How many sysbox containers did you have running at the time this occurred?

Thanks as always for bringing this up to our attention.

[myugan]

Can we also add LimitNOFILE=infinity to sysbox-mgr systemd files?

I got sugesstion from this https://github.com/systemd/systemd/issues/4997

[ctalledo]

Can we also add LimitNOFILE=infinity to sysbox-mgr systemd files?

I've not tried, but that should be fine as a temporary work-around. I certainly need to root cause it so that I can place the appropriate limit in the sysbox-mgr systemd unit file.

[rodnymolina]

@myugan, when possible please collect the info I previously requested. It would also help if you could share details such as the number of sysbox containers running in parallel, and let us know if you are launching docker images that contain inner images.

This should help us understand if we have a file-descriptor leak and, if so, narrow down the area where it may be.

[myugan]

@rodnymolina

$ sudo lsof -p $(pgrep sysbox-mgr) | wc -l
809
$ sudo lsof -p $(pgrep sysbox-fs) | wc -l
30
$ cat /proc/self/limits | egrep open
Max open files            1024                 4096                 files
$ cat /proc/sys/fs/file-max
500000

[rodnymolina]

@myugan, thanks. If you obtained those numbers during steady-state (i.e. you were not launching/stopping a sys container right when you got them), it looks like we may have a fd-leak in sysbox-mgr.

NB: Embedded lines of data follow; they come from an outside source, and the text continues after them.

(* Let $\mu=\prod_{i=1}^d\mu_i$ be a product probability measure on $\mathbb{R}^d$, where $\mathrm{d}\mu_i(x_i)=\rho_i(|x_i|)\,\mathrm{d}x_i$ with $\rho_i:[0,\infty)\to(0,\infty)$ continuous. For $i=1,\dots,d$ let $\phi_i:[0,\infty)\to[0,\infty)$ be continuous and strictly increasing with $\phi_i(0)=0$, and set $B=\{x\in\mathbb{R}^d:\ \phi_1(|x_1|)+\cdots+\phi_d(|x_d|)\le1\}$ (which need not be convex). Then for every $f\in\bar{\mathcal{C}}_d$, $\int f\mathbf{1}_B\,\mathrm{d}\mu\ge\big(\int f\,\mathrm{d}\mu\big)\mu(B)$.
   Context: $\mathcal{C}_1$ denotes the set of continuous compactly supported functions $g:\mathbb{R}\to[0,\infty)$ such that for every $c>0$ the set $\{t: g(t)>c\}$ is convex, and $g(t)\le g(0)$ for all $t\in\mathbb{R}$. $\bar{\mathcal{C}}_d$ denotes the set of continuous compactly supported functions $f:\mathbb{R}^d\to[0,\infty)$ such that for every $i$ and every fixed choice of the other $d-1$ coordinates, the function $x_i\mapsto f(x)$ belongs to $\mathcal{C}_1$. *)

From Stdlib Require Export Reals Lra ClassicalEpsilon.
Open Scope R_scope.

(* Points of R^d are represented as x : nat -> R, coordinates 0..d-1 *)
Definition upd (x : nat -> R) (j : nat) (t : R) : nat -> R :=
  fun i => if Nat.eqb i j then t else x i.

(* 1D Riemann integral on [a,b] as a total function (value of RiemannInt
   whenever f is Riemann integrable, which is independent of the proof). *)
Definition RI (f : R -> R) (a b : R) : R :=
  epsilon (inhabits 0)
    (fun I => exists pr : Riemann_integrable f a b, RiemannInt pr = I).

(* Iterated integral over the box [-M,M]^k of coordinates 0..k-1. *)
Fixpoint box_int (k : nat) (M : R) (g : (nat -> R) -> R) (x : nat -> R) : R :=
  match k with
  | O => g x
  | S k' => RI (fun t => box_int k' M g (upd x k' t)) (- M) M
  end.

(* Integral over R^d : limit of the integrals over [-n,n]^d. *)
Definition full_int (d : nat) (g : (nat -> R) -> R) : R :=
  epsilon (inhabits 0)
    (fun L => Un_cv (fun n => box_int d (INR n) g (fun _ => 0)) L).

We will look into this.

[ctalledo]

I looked at this problem last week, and could not reproduce it: with the latest sysbox-mgr (i.e., top-of-tree on the sysbox repo), I don't see any file descriptor leak. In fact, after deploying dozens of system containers on my host, lsof shows < 30 opened file descriptor for the sysbox-mgr (as expected). I also reviewed the code and do not see any file descriptor leak.

@myugan: do you happen to know what's the git commit for the sysbox-mgr on which you saw the problem? Thanks!

[ctalledo]

Hi @myugan , I was finally able to reproduce the problem you reported. Looks like we need to correct the sysbox file limit for both sysbox-mgr and sysbox-fs. They can open a large amount of files at certain times, in particular when many containers are running or during container start/stop.

We will be fixing this in the upcoming release. In the meantime, you can get around it by adding the following to the systemd unit files for both sysbox-mgr (/lib/systemd/system/sysbox-mgr.service) and sysbox-fs (/lib/systemd/system/sysbox-fs.service).

[Service]
...
LimitNOFILE=infinity
LimitNPROC=infinity

This will remove the default limit for open-files on sysbox-mgr and sysbox-fs. It's hard to set a strict limit because the number of open files is a function of the number of containers that are running, how many inner container images they have, how many processes within those containers access resources emulated by sysbox-fs, etc.

Note that Docker takes a similar approach its systemd service unit file.

[ctalledo]

This is fixed in top-of-tree, and will be present in the upcoming Sysbox release.